Our Mother Tongues Blog


October 28, 2011 - 5:32 AM | by Our Mother Tongues

Indigenous Peoples’ diverse languages have developed over many thousands of years in close relationship to their ancestral tribal homelands. These many hundreds of languages—scholars estimate as many as 300-500 Indigenous languages were once spoken in North America—carry detailed knowledge and observations of the natural world, including place names often displaced by much more recent English-language monikers such as Mato Tipila (“Bear Lodge,” in Lakota), renamed “Devil’s Tower” by settlers and the National Park Service. Those first settlers obviously knew the location to be a sacred and powerful ceremonial site to dozens of tribes—and myriad locations from the east to west coast are branded “devils'” places in reference to the Native peoples who once worshipped there enjoying full religious freedom.

While 139 Indigenous languages are miraculously still spoken today in the U.S.—according to UNESCO’s Atlas of the World’s Languages in Danger—more than 70 are spoken only by the oldest generations of tribal citizens. Some linguists estimate scarcely two dozen Native languages will still be spoken by mid-century; however, a dedicated Native American languages movement has worked for decades to document, publish in, and promote Native language materials and usage among younger generations. This work follows centuries of overt language discrimination and suppression by settlers and religious denominations who actively worked to exterminate Indian languages and cultures beginning in New England the early 1630s with the first grammar schools and “praying towns” providing refuge and “education” to Indian families and students.  

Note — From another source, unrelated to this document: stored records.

Lemma compact_decreasing_approx (A : set E) :
  locally_compact [set: E] -> hausdorff_space E -> @second_countable E ->
  compact A ->
  exists C G : nat -> set E,
    [/\ forall n, compact (C n), forall n, open (G n),
        forall n, A `<=` G n /\ G n `<=` C n, forall n, C n.+1 `<=` C n &
        \bigcap_n C n = A].
Proof.
move=> lcE hE [B cB bB] cA; have Bo := bB.1.
have [U [W [oU cW AU UW]]] := compact_open_compact_between lcE cA.
have /pcard_surjP[e Be] := cB.
(* Stage n removes the sets e 0, ..., e n.-1 whose closure misses A; as e may
   leave B, Q uses interiors to stay closed. *)
pose far b := closure b `&` A == set0.
pose O b := if far b then ~` closure b else setT.
pose Q b := if far b then ~` b° else setT.
pose G n := U `&` \big[setI/setT]_(k < n) O (e k).
pose C n := W `&` \big[setI/setT]_(k < n) Q (e k).
have AO b : A `<=` O b.
  rewrite /O /far; case: eqP => // Ab0 x Ax clbx.
  by have : (closure b `&` A) x by []; rewrite Ab0.
have OQ b : O b `<=` Q b.
  rewrite /O /Q; case: ifP => // _; apply: subsetC.
  exact: subset_trans (@interior_subset _ _) (@subset_closure _ _).
have AG n : A `<=` \big[setI/setT]_(k < n) O (e k).
  apply: (big_ind (fun S => A `<=` S)) => [//|S S' AS AS' x Ax|k _]; last exact: AO.
  by split; [exact: AS|exact: AS'].
have GC n : \big[setI/setT]_(k < n) O (e k) `<=` \big[setI/setT]_(k < n) Q (e k).
  apply: (big_ind2 (fun S S' => S `<=` S')) => [//|? ? ? ? ? ?|k _]; last exact: OQ.
  exact: setISS.
exists C, G; split.
- move=> n; apply: compact_closedI cW _; apply: big_ind => //; first exact: closedI.
  move=> k _; rewrite /Q; case: ifP => _ //.
  exact: open_closedC (@open_interior _ _).
- move=> n; apply: openI oU _; apply: big_ind; [exact: openT|exact: openI|].
  move=> k _; rewrite /O; case: ifP => _; last exact: openT.
  exact: closed_openC (@closed_closure _ _).
- move=> n; split; last exact: setISS.
  by move=> x Ax; split; [exact: AU|exact: AG].
- by move=> n; rewrite /C big_ord_recr => x [Wx [Cx _]].
apply/seteqP; split => [x Cx|x Ax n _]; last first.
  by split; [exact/UW/AU|exact: GC (AG n x Ax)].
apply: contrapT => nAx.
have [b [Bb bx /eqP farb]] :=
  basis_closure_disjoint lcE hE bB (compact_closed hE cA) nAx.
have [k _ ekb] := Be b Bb.
have [_] := Cx k.+1 I; rewrite big_ord_recr => -[_].
rewrite /Q ekb /far farb; apply.
by move: bx; rewrite -[in X in X -> _]((interior_id b).1 (Bo b Bb)).
Qed.

End CompactApproximation.

Section SupMeasure.
Context {R : realType} {E : topologicalType} (phi : set E -> \bar R).
Hypothesis phi_sup : sup_measure phi.

Lemma sup_measure_ge0 A : (0 <= phi A)%E.
Proof. by case: phi_sup => mono phi0 _ _ _; rewrite -phi0 mono. Qed.

Lemma sup_measure_fin_num K : compact K -> phi K \is a fin_num.
Proof.
case: phi_sup => _ _ _ _ [fin _] cK.
by rewrite ge0_fin_numE ?fin ?sup_measure_ge0.
Qed.

Lemma sup_measure_openU G1 G2 : open G1 -> open G2 ->
  phi (G1 `|` G2) = maxe (phi G1) (phi G2).
Proof.
case: phi_sup => _ _ _ _ [_ sup] oG1 oG2.
have -> : G1 `|` G2 = \bigcup_(G in [set G1; G2]) G.
  apply/seteqP; split => [x [G1x|G2x]|x [G [->|->] Gx]].
  - by exists G1; [left|].
  - by exists G2; [right|].
  - by left.
  - by right.
rewrite sup; [|by move=> G [->|->]|by exists G1; left].
apply/eqP; rewrite eq_le; apply/andP; split.
  by apply: ge_ereal_sup => _ [G [->|->] <-]; rewrite le_max lexx ?orbT.
rewrite ge_max; apply/andP; split; apply: ereal_sup_ubound.
  by exists G1; [left|].
by exists G2; [right|].
Qed.

Lemma sup_measure_compactU A B :
  locally_compact [set: E] -> hausdorff_space E -> @second_countable E ->
  compact A -> compact B -> (phi (A `|` B) <= maxe (phi A) (phi B))%E.
Proof.
move=> lcE hE scE cA cB; case: (phi_sup) => mono _ _ down _.
have [CA [GA [cCA oGA AGC dCA iCA]]] := compact_decreasing_approx lcE hE scE cA.
have [CB [GB [cCB oGB BGC dCB iCB]]] := compact_decreasing_approx lcE hE scE cB.
have le_approx n : (phi (A `|` B) <= maxe (phi (CA n)) (phi (CB n)))%E.
  apply: (@le_trans _ _ (phi (GA n `|` GB n))).
    by apply: mono; apply: setUSS; [exact: (AGC n).1|exact: (BGC n).1].
  rewrite sup_measure_openU //; apply: le_max2; apply: mono.
    exact: (AGC n).2.
  exact: (BGC n).2.
rewrite leNgt; apply/negP; rewrite gt_max => /andP[ltA ltB].
have ltAn : \forall n \near \oo, (phi (CA n) < phi (A `|` B))%E.
  exact: down CA A cCA dCA iCA _ (open_ereal_lt' ltA).
have ltBn : \forall n \near \oo, (phi (CB n) < phi (A `|` B))%E.
  exact: down CB B cCB dCB iCB _ (open_ereal_lt' ltB).
have [n [/= ltAn' ltBn']] := filter_ex (filterI ltAn ltBn).
by have := le_approx n; rewrite leNgt gt_max ltAn' ltBn'.
Qed.

Lemma ext_integral_indic K : compact K -> ext_integral (\1_K) phi = phi K.
Proof.
case: phi_sup => mono phi0 _ _ _ cK.
have inf_indic C : C `<=` K -> C !=set0 ->
    ereal_inf [set (\1_K x : R)%:E | x in C] = 1%E.
  move=> CK [x0 Cx0]; rewrite [X in ereal_inf X](_ : _ = [set 1%E]) ?ereal_inf1 //.
  have indic1 x : C x -> (\1_K x : R)%:E = 1%E.
    by move=> /CK Kx; rewrite indicE mem_set.
  apply/seteqP; split => [_ [x Cx <-]|_ ->]; first by rewrite /= indic1.
  by exists x0; last exact: indic1.
apply/eqP; rewrite eq_le; apply/andP; split.
- apply: ge_ereal_sup => _ [C cC <-].
  have [CK|/existsNP[x /not_implyP[Cx nKx]]] := pselect (C `<=` K).
    have [->|/set0P C0] := eqVneq C set0.
      by rewrite phi0 mul0e sup_measure_ge0.
    by rewrite inf_indic // mule1 mono.
  suff -> : ereal_inf [set (\1_K x : R)%:E | x in C] = 0%E.
    by rewrite mule0 sup_measure_ge0.
  apply/eqP; rewrite eq_le; apply/andP; split.
    by apply: ereal_inf_lbound; exists x => //; rewrite indicE memNset.
  by apply/ereal_infP => _ [y _ <-]; rewrite lee_fin indicE.
- apply: ereal_sup_ubound; exists K => //.
  have [->|/set0P K0] := eqVneq K set0; first by rewrite phi0 mul0e.
  by rewrite inf_indic ?mule1.
Qed.

End SupMeasure.

Lemma expRN_sub_le_dist {R : realType} (u v : R) : 0 <= u -> 0 <= v ->
  expR (- u) - expR (- v) <= `|u - v|.
Proof.
move=> u0 v0; have [vu|uv] := leP v u.
  have : expR (- u) <= expR (- v) by rewrite ler_expR lerN2.
  by move=> le_uv; apply: le_trans (normr_ge0 _); lra.
have expvE : expR (- v) = expR (- u) * expR (- (v - u)).
  by rewrite -expRD; congr expR; ring.
have expB := expR_ge1Dx (- (v - u)).
have expu1 : expR (- u) <= 1 by rewrite expR_le1; lra.
have expu0 := expR_gt0 (- u).
by rewrite expvE ltr0_norm ?subr_lt0 //; nra.
Qed.

Lemma grid_point_between {R : realType} (v z dl eps : R) (N : nat) :
  0 <= v -> 0 < dl -> dl < eps -> v + eps < z -> z <= N%:R * dl ->
  exists2 k : 'I_N, v <= k.+1%:R * dl & k.+1%:R * dl < z.
Proof.
move=> v0 dl0 dleps vz zN.
have /andP[kv vk] := truncn_itv (divr_ge0 v0 (ltW dl0)).
set k := Num.truncn _ in kv vk.
rewrite ler_pdivlMr // in kv; rewrite ltr_pdivrMr // in vk.
have kN : (k < N)%N by rewrite -(ltr_nat R) -(ltr_pM2r dl0); lra.
by exists (Ordinal kN); rewrite /= -natr1 mulrDl mul1r in vk *; lra.
Qed.

Section RealRandomVariables.
Context {R : realType} {d : measure_display} {T : measurableType d}
  (P : probability T R).
Implicit Types (A B C : set T) (V W Z : T -> R).

Lemma measurable_le_cst W t : measurable_fun setT W ->
  measurable [set w | W w <= t].
Proof.
by move=> mW; rewrite -[X in measurable X]setTI; exact: measurable_fun_le.
Qed.

Lemma measurable_cst_lt W t : measurable_fun setT W ->
  measurable [set w | t < W w].
Proof.
move=> mW; rewrite [X in measurable X](_ : _ = ~` [set w | W w <= t]).
  exact/measurableC/measurable_le_cst.
by apply/seteqP; split => w /=; rewrite ltNge => /negP.
Qed.

Lemma measurable_fun_normB V W : measurable_fun setT V -> measurable_fun setT W ->
  measurable_fun setT (fun w => `|V w - W w|).
Proof.
move=> mV mW; apply: measurableT_comp (@normr_measurable R setT) _.
exact: measurable_funB.
Qed.

Lemma fine_measure_ge0 A : 0 <= fine (P A).
Proof. exact/fine_ge0/measure_ge0. Qed.

Lemma fine_measureK A : measurable A -> (fine (P A))%:E = P A.
Proof. by move=> mA; rewrite fineK ?fin_num_measure. Qed.

Lemma fine_le_measure A B : measurable A -> measurable B -> A `<=` B ->
  fine (P A) <= fine (P B).
Proof.
move=> mA mB AB; rewrite -lee_fin !fine_measureK //.
by apply: le_measure; rewrite ?inE.
Qed.

Lemma fine_measureU2_le A B : measurable A -> measurable B ->
  fine (P (A `|` B)) <= fine (P A) + fine (P B).
Proof.
move=> mA mB; rewrite -lee_fin EFinD !fine_measureK //; first exact: measureU2.
exact: measurableU.
Qed.

Lemma fine_measure_le_subU A B C :
  measurable A -> measurable B -> measurable C -> A `<=` B `|` C ->
  fine (P A) <= fine (P B) + fine (P C).
Proof.
move=> mA mB mC ABC; apply: le_trans (fine_measureU2_le mB mC).
by apply: fine_le_measure => //; exact: measurableU.
Qed.

Lemma fine_measureU A B : measurable A -> measurable B -> A `&` B = set0 ->
  fine (P (A `|` B)) = fine (P A) + fine (P B).
Proof.
move=> mA mB AB0; apply: EFin_inj; rewrite EFinD !fine_measureK ?measureU //.
exact: measurableU.
Qed.

Lemma fine_measure_bigsetU_le (F : nat -> set T) N : (forall k, measurable (F k)) ->
  fine (P (\big[setU/set0]_(k < N) F k)) <= \sum_(k < N) fine (P (F k)).
Proof.
move=> mF; elim: N => [|N IH]; first by rewrite !big_ord0 measure0.
rewrite !big_ord_recr /=.
apply: le_trans (fine_measureU2_le (bigsetU_measurable _ _) _) _ => //.
by rewrite lerD2r.
Qed.

Lemma cvg_in_probP Wn W : (forall n, measurable_fun setT (Wn n)) ->
  measurable_fun setT W ->
  cvg_in_prob P Wn W <-> forall eps, 0 < eps ->
    (fun n => fine (P [set w | eps < `|Wn n w - W w|])) @ \oo --> 0.
Proof.
move=> mWn mW; split=> [Wcvg eps eps0|Wcvg eps eps0].
  by have /fine_cvgP[] := Wcvg eps eps0.
apply/fine_cvgP; split; last exact: Wcvg.
apply: nearW => n; rewrite fin_num_measure //.
exact/measurable_cst_lt/measurable_fun_normB.
Qed.

Lemma cvg_in_prob_cdf Wn W t : (forall n, measurable_fun setT (Wn n)) ->
  measurable_fun setT W -> cvg_in_prob P Wn W ->
  {for t, continuous (fun s => fine (P [set w | W w <= s]))} ->
  (fun n => fine (P [set w | Wn n w <= t])) @ \oo --> fine (P [set w | W w <= t]).
Proof.
move=> mWn mW /(cvg_in_probP mWn mW) Wcvg Fcont.
set F := fun s => fine (P [set w | W w <= s]).
apply/cvgrPdist_lt => eta eta0.
have eta20 : 0 < eta / 2 by lra.
have [e e0 Fe] := (cvgrPdist_lt _ _).1 Fcont (eta / 2) eta20.
have e20 : 0 < e / 2 by exact: divr_gt0.
have Fl : `|F t - F (t - e / 2)| < eta / 2.
  apply: Fe; rewrite /ball_ /= opprB addrC subrK gtr0_norm //.
  by rewrite ltr_pdivrMr //; lra.
have Fu : `|F t - F (t + e / 2)| < eta / 2.
  apply: Fe; rewrite /ball_ /= opprD addrA subrr sub0r normrN gtr0_norm //.
  by rewrite ltr_pdivrMr //; lra.
pose far n := [set w | e / 2 < `|Wn n w - W w|].
have mfar n : measurable (far n) by exact/measurable_cst_lt/measurable_fun_normB.
near=> n.
have farn : fine (P (far n)) < eta / 2.
  by near: n; exact: cvgr_lt (Wcvg _ e20) _ eta20.
have lower : F (t - e / 2) <= fine (P [set w | Wn n w <= t]) + fine (P (far n)).
  apply: fine_measure_le_subU (measurable_le_cst _ mW)
    (measurable_le_cst _ (mWn n)) (mfar n) _.
  move=> w /= Ww; have [|Wnw] := leP (Wn n w) t; [by left|right].
  by rewrite /far /= ltr_normr; apply/orP; left; lra.
have upper : fine (P [set w | Wn n w <= t]) <= F (t + e / 2) + fine (P (far n)).
  apply: fine_measure_le_subU (measurable_le_cst _ (mWn n))
    (measurable_le_cst _ mW) (mfar n) _.
  move=> w /= Wnw; have [|Ww] := leP (W w) (t + e / 2); [by left|right].
  by rewrite /far /= ltr_normr; apply/orP; right; lra.
move: Fl Fu; rewrite !ltr_norml => /andP[? ?] /andP[? ?].
rewrite -/(F t); apply/andP; split; lra.
Unshelve. all: by end_near. Qed.

Lemma cvg_in_prob_dist_le (Vn Wn : nat -> T -> R) (W : T -> R) :
  (forall n, measurable_fun setT (Vn n)) ->
  (forall n, measurable_fun setT (Wn n)) -> measurable_fun setT W ->
  (forall n w, `|Vn n w - W w| <= `|Wn n w - W w|) ->
  cvg_in_prob P Wn W -> cvg_in_prob P Vn W.
Proof.
move=> mVn mWn mW VW /(cvg_in_probP mWn mW) Wcvg.
apply/(cvg_in_probP mVn mW) => eps eps0.
apply: (squeeze_cvgr _ (cvg_cst (0 : R)) (Wcvg eps eps0)); apply: nearW => n.
rewrite fine_measure_ge0 /=; apply: fine_le_measure.
- exact/measurable_cst_lt/measurable_fun_normB.
- exact/measurable_cst_lt/measurable_fun_normB.
- by move=> w /= /lt_le_trans; apply.
Qed.

Lemma cvg_in_prob_majorant (Yn Zn : nat -> T -> R) (Y : T -> R) :
  (forall n, measurable_fun setT (Yn n)) ->
  (forall n, measurable_fun setT (Zn n)) -> measurable_fun setT Y ->
  (forall n w, Yn n w <= Zn n w) -> (forall n w, Y w <= Zn n w) ->
  (forall eps, 0 < eps ->
    (fun n => fine (P [set w | eps < Zn n w - Y w])) @ \oo --> 0) ->
  (forall eps, 0 < eps ->
    (fun n => fine (P [set w | eps < Zn n w - Yn n w])) @ \oo --> 0) ->
  cvg_in_prob P Yn Y.
Proof.
move=> mYn mZn mY YnZ YZ ZYcvg ZYncvg; apply/(cvg_in_probP mYn mY) => eps eps0.
have sum_cvg : (fun n => fine (P [set w | eps < Zn n w - Y w]) +
    fine (P [set w | eps < Zn n w - Yn n w])) @ \oo --> 0.
  rewrite -[X in _ --> X]addr0; apply: cvgD; [exact: ZYcvg|exact: ZYncvg].
apply: (squeeze_cvgr _ (cvg_cst (0 : R)) sum_cvg); apply: nearW => n.
rewrite fine_measure_ge0 /=; apply: fine_measure_le_subU.
- exact/measurable_cst_lt/measurable_fun_normB.
- by apply: measurable_cst_lt; exact: measurable_funB.
- by apply: measurable_cst_lt; exact: measurable_funB.
move=> w /=; rewrite ltr_normr => /orP[gap|]; [left|rewrite opprB => gap; right].
  by apply: lt_le_trans gap _; rewrite lerD2r.
by apply: lt_le_trans gap _; rewrite lerD2r.
Qed.

Lemma frechet_measurable W b : frechet_scale P (EFin \o W) b ->
  measurable_fun setT W.
Proof. by case=> /measurable_EFinP. Qed.

Lemma frechet_scale_ge0 W b : frechet_scale P (EFin \o W) b -> 0 <= b.
Proof. by case. Qed.

Lemma frechet_cdf W b t : frechet_scale P (EFin \o W) b -> 0 < t ->
  fine (P [set w | W w <= t]) = expR (- (b / t)).
Proof. by case=> _ _ cdf t0; rewrite cdf. Qed.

Later, federally funded Indian boarding schools were opened by the U.S. War Department’s Bureau of Indian Affairs (the Bureau was later moved to the Department of Interior) with an explicit goal to “kill the Indian, save the man,” and children from hundreds of tribes were removed from their communities for years at a time to be trained largely as an agricultural, domestic, and industrial labor force.  Even into the 1970s and 80s, Native children were often harshly punished or ridiculed for speaking their mother tongues, and as a result, successive generations of tribal peoples did not teach their children their heritage languages in order to shield them from the discrimination and corporal punishment they experienced.  Today’s Native language teachers and students still face unfair certification and testing practices mandated by more than a decade of prohibitive No Child Left Behind Act regulations, which have continued to undermine Native language classrooms and schools.

Now, with a sense of great urgency, those tribal communities with only a handful of speakers—including the Euchee, Wampanoag, and Sauk—work every day to train new generations of speakers via intensive language education activities including master-apprentice programs, language immersion classrooms, and intergenerational home-based “language nests” and daycare programs like those pioneered by the Maori and Native Hawaiian language communities.  Roughly a dozen speakers of the Wampanoag language—reclaimed from written records including the first bible published in the western hemisphere, and by careful comparison with related languages in the Algonquian “family”—have emerged  after more than fifteen years of intensive community-based efforts to return the language to their nation. 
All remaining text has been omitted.